15 h 30, Bartek Knapik : Recovery of linear functionals in the infinite-dimensional normal mean model
We consider a generalization of the infinite-dimensional normal mean model in which the mean is related to the parameter of interest through a known injective linear transformation. Our interest lies in the recovery of linear functionals of the parameter. We employ Bayesian paradigm by putting a Gaussian prior on the parameter of interest and show that the corresponding posterior distribution contracts around the true value of the linear functional at a rate that depends on the smoothness of the truth, the smoothness and scale of the prior, spectral properties of the transformation of the mean, and the smoothness of the linear functional. We consider not only continuous linear functionals, but also certain class of discontinuous functionals (containing for instance point evaluation when the parameter of interest is a function). We also study the frequentist coverage of Bayesian credible intervals, including a semiparametric version of the Bernstein-von Mises theorem. This talk is based on a joint work with Aad van der Vaart (Leiden University) and Harry van Zanten (University of Amsterdam)

15 h 55, Laure Sansonnet : Estimation non-paramétrique dans un modèle d'interactions poissoniennes et application à des données génomiques
L'objet de cet exposé est de présenter une approche statistique pour étudier les dépendances entre deux événements modélisés par des processus ponctuels. On s'intéressera en particulier au domaine de la génomique afin de détecter des distances favorisées ou évitées entre deux motifs le long d'un génome suggérant de possibles interactions à un niveau moléculaire. Pour cela, on introduira une fonction dite de reproduction qui permet de quantifier les positions préférentielles des motifs et qui est modélisée par l'intensité d'un processus de Poisson. On s'intéressera d'abord à l'estimation de cette fonction que l'on suppose très localisée. A l'aide des bases d'ondelettes (en pratique, la base de Haar) et des techniques de seuillage, on construira un estimateur adaptatif qui satisfait une inégalité de type oracle. On présentera ensuite brièvement la procédure pratique mise en place et enfin, on appliquera la méthode à l'analyse de la dépendance entre les sites promoteurs et les gènes chez la bactérie E. coli en s'appuyant sur un jeu de données réelles.

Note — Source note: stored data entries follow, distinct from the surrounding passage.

(* Let $\Gamma=(V,\nu,\mu)$ be a fuzzy graph on $n$ vertices with maximum fuzzy degree $\Delta$ and minimum fuzzy degree $\delta$. Then $$\sigma^*(\Gamma)\le 2n+\frac{(\Delta-\delta)^2}{4}.$$
   Context: A fuzzy graph $\Gamma=(V,\nu,\mu)$ consists of a finite vertex set $V$ with $|V|=n\ge1$, a map $\nu:V\to[0,1]$, and a symmetric map $\mu:V\times V\to[0,1]$ with $\mu(u,v)\le\min(\nu(u),\nu(v))$. The fuzzy degree is $d_\Gamma(v)=\sum_{u\ne v}\mu(v,u)$, the fuzzy size is $\mathrm{ew}(\Gamma)=\frac12\sum_v d_\Gamma(v)$, $\lambda=2\,\mathrm{ew}(\Gamma)/n$, and the fuzzy sigma index is $\sigma^*(\Gamma)=\frac1n\sum_{v}(d_\Gamma(v)-\lambda)^2$. $\Delta=\max_v d_\Gamma(v)$, $\delta=\min_v d_\Gamma(v)$. *)

From mathcomp Require Import all_boot all_order all_algebra.
Set Implicit Arguments. Unset Strict Implicit. Unset Printing Implicit Defensive.
Import Order.TTheory GRing.Theory Num.Theory.
Local Open Scope ring_scope.

Section FuzzyGraph.
Variables (R : realFieldType) (V : finType).

Definition is_fuzzy_graph (nu : V -> R) (mu : V -> V -> R) : Prop :=
  [/\ (forall v, 0 <= nu v <= 1),
      (forall u v, 0 <= mu u v <= 1),
      (forall u v, mu u v = mu v u) &
      (forall u v, mu u v <= Num.min (nu u) (nu v))].

Definition fdeg (mu : V -> V -> R) (v : V) : R := \sum_(u | u != v) mu v u.

Definition fsize (mu : V -> V -> R) : R := 2^-1 * \sum_v fdeg mu v.

Definition forder : R := #|V|%:R.

Definition flambda (mu : V -> V -> R) : R := 2 * fsize mu / forder.

Definition fsigma (mu : V -> V -> R) : R :=
  forder^-1 * \sum_v (fdeg mu v - flambda mu) ^+ 2.

(* maximum / minimum fuzzy degree (V nonempty; 0 if V is empty) *)
Definition fmaxdeg (mu : V -> V -> R) : R :=
  if [pick v : V] is Some v0 then \big[Num.max/fdeg mu v0]_v fdeg mu v else 0.
Definition fmindeg (mu : V -> V -> R) : R :=
  if [pick v : V] is Some v0 then \big[Num.min/fdeg mu v0]_v fdeg mu v else 0.

End FuzzyGraph.

From mathcomp Require Import all_boot all_order all_algebra.
From mathcomp Require Import ring lra.
Set Implicit Arguments. Unset Strict Implicit. Unset Printing Implicit Defensive.
Import Order.TTheory GRing.Theory Num.Theory.
Local Open Scope ring_scope.

(* The fuzzy sigma index is the variance of the degree sequence, and by
   Popoviciu's inequality a variance of values lying in [a, b] is at most
   (b - a)^2 / 4: the mean minimises the mean squared deviation, so the
   variance is at most the mean squared deviation from the midpoint (a + b) / 2,
   which is termwise at most ((b - a) / 2)^2. *)

Section Variance.
Variables (R : realFieldType) (V : finType) (x : V -> R).
Hypothesis V_gt0 : (0 < #|V|)%N.

Definition mean : R := (\sum_v x v) / #|V|%:R.

Let card_gt0 : 0 < #|V|%:R :> R. Proof. by rewrite ltr0n. Qed.

Lemma sum_dev_mean : \sum_v (x v - mean) = 0.
Proof.
rewrite sumrB sumr_const /mean -/#|V| -(mulr_natr (_ / _)) divfK ?subrr //.
by rewrite gt_eqF.
Qed.

Lemma sum_sqr_dev_shift (c : R) :
  \sum_v (x v - c) ^+ 2 = \sum_v (x v - mean) ^+ 2 + #|V|%:R * (mean - c) ^+ 2.
Proof.
have -> : \sum_v (x v - c) ^+ 2 =
    \sum_v (x v - mean) ^+ 2 + 2 * (mean - c) * \sum_v (x v - mean)
    + \sum_(v : V) (mean - c) ^+ 2.
  by rewrite mulr_sumr -!big_split /=; apply: eq_bigr => v _; ring.
by rewrite sum_dev_mean mulr0 addr0 sumr_const mulr_natl.
Qed.

Lemma sum_sqr_dev_mean_le (c : R) :
  \sum_v (x v - mean) ^+ 2 <= \sum_v (x v - c) ^+ 2.
Proof.
by rewrite (sum_sqr_dev_shift c) lerDl mulr_ge0 ?ler0n ?sqr_ge0.
Qed.

Lemma variance_le_range (a b : R) :
    (forall v, a <= x v <= b) ->
  #|V|%:R^-1 * \sum_v (x v - mean) ^+ 2 <= (b - a) ^+ 2 / 4.
Proof.
move=> x_ab; rewrite ler_pdivrMl // mulrC.
apply: le_trans (sum_sqr_dev_mean_le ((a + b) / 2)) _.
have -> : (b - a) ^+ 2 / 4 * #|V|%:R = \sum_(v : V) (b - a) ^+ 2 / 4.
  by rewrite sumr_const mulr_natr.
by apply: ler_sum => v _; have /andP[] := x_ab v; nra.
Qed.

End Variance.

Section FuzzyDegrees.
Variables (R : realFieldType) (V : finType) (mu : V -> V -> R).

Lemma fdeg_bounds (v : V) : fmindeg mu <= fdeg mu v <= fmaxdeg mu.
Proof.
rewrite /fmindeg /fmaxdeg; case: pickP => [v0 _|/(_ v)//].
by rewrite bigmin_le le_bigmax.
Qed.

Lemma flambda_mean : flambda mu = mean (fdeg mu).
Proof.
rewrite /flambda /fsize /mean /forder.
by rewrite mulrA divff ?mul1r // pnatr_eq0.
Qed.

Lemma fsigma_variance :
  fsigma mu = #|V|%:R^-1 * \sum_v (fdeg mu v - mean (fdeg mu)) ^+ 2.
Proof. by rewrite /fsigma flambda_mean. Qed.

End FuzzyDegrees.

Theorem proposition2p7 (R : realFieldType) (V : finType)
    (nu : V -> R) (mu : V -> V -> R) :
  (0 < #|V|)%N ->
  is_fuzzy_graph nu mu ->
  fsigma mu <= 2 * forder R V
              + (fmaxdeg mu - fmindeg mu) ^+ 2 / 4.
Proof.
move=> V_gt0 _.
rewrite fsigma_variance; apply: le_trans (variance_le_range V_gt0 (fdeg_bounds mu)) _.
by rewrite lerDr mulr_ge0 ?ler0n.
Qed.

16 h 20, Samuel Vaiter : The Degrees of Freedom of the Group Lasso for a General Design
In this paper, we are concerned with regression problems where covariates can be grouped in nonoverlapping blocks, and where only a few of them are assumed to be active. In such a situation, the group Lasso is an at- tractive method for variable selection since it promotes sparsity of the groups. We study the sensitivity of any group Lasso solution to the observations and provide its precise local parameterization. When the noise is Gaussian, this allows us to derive an unbiased estimator of the degrees of freedom of the group Lasso. This result holds true for any fixed design, no matter whether it is under- or overdetermined. With these results at hand, various model selec- tion criteria, such as the Stein Unbiased Risk Estimator (SURE), are readily available which can provide an objectively guided choice of the optimal group Lasso fit.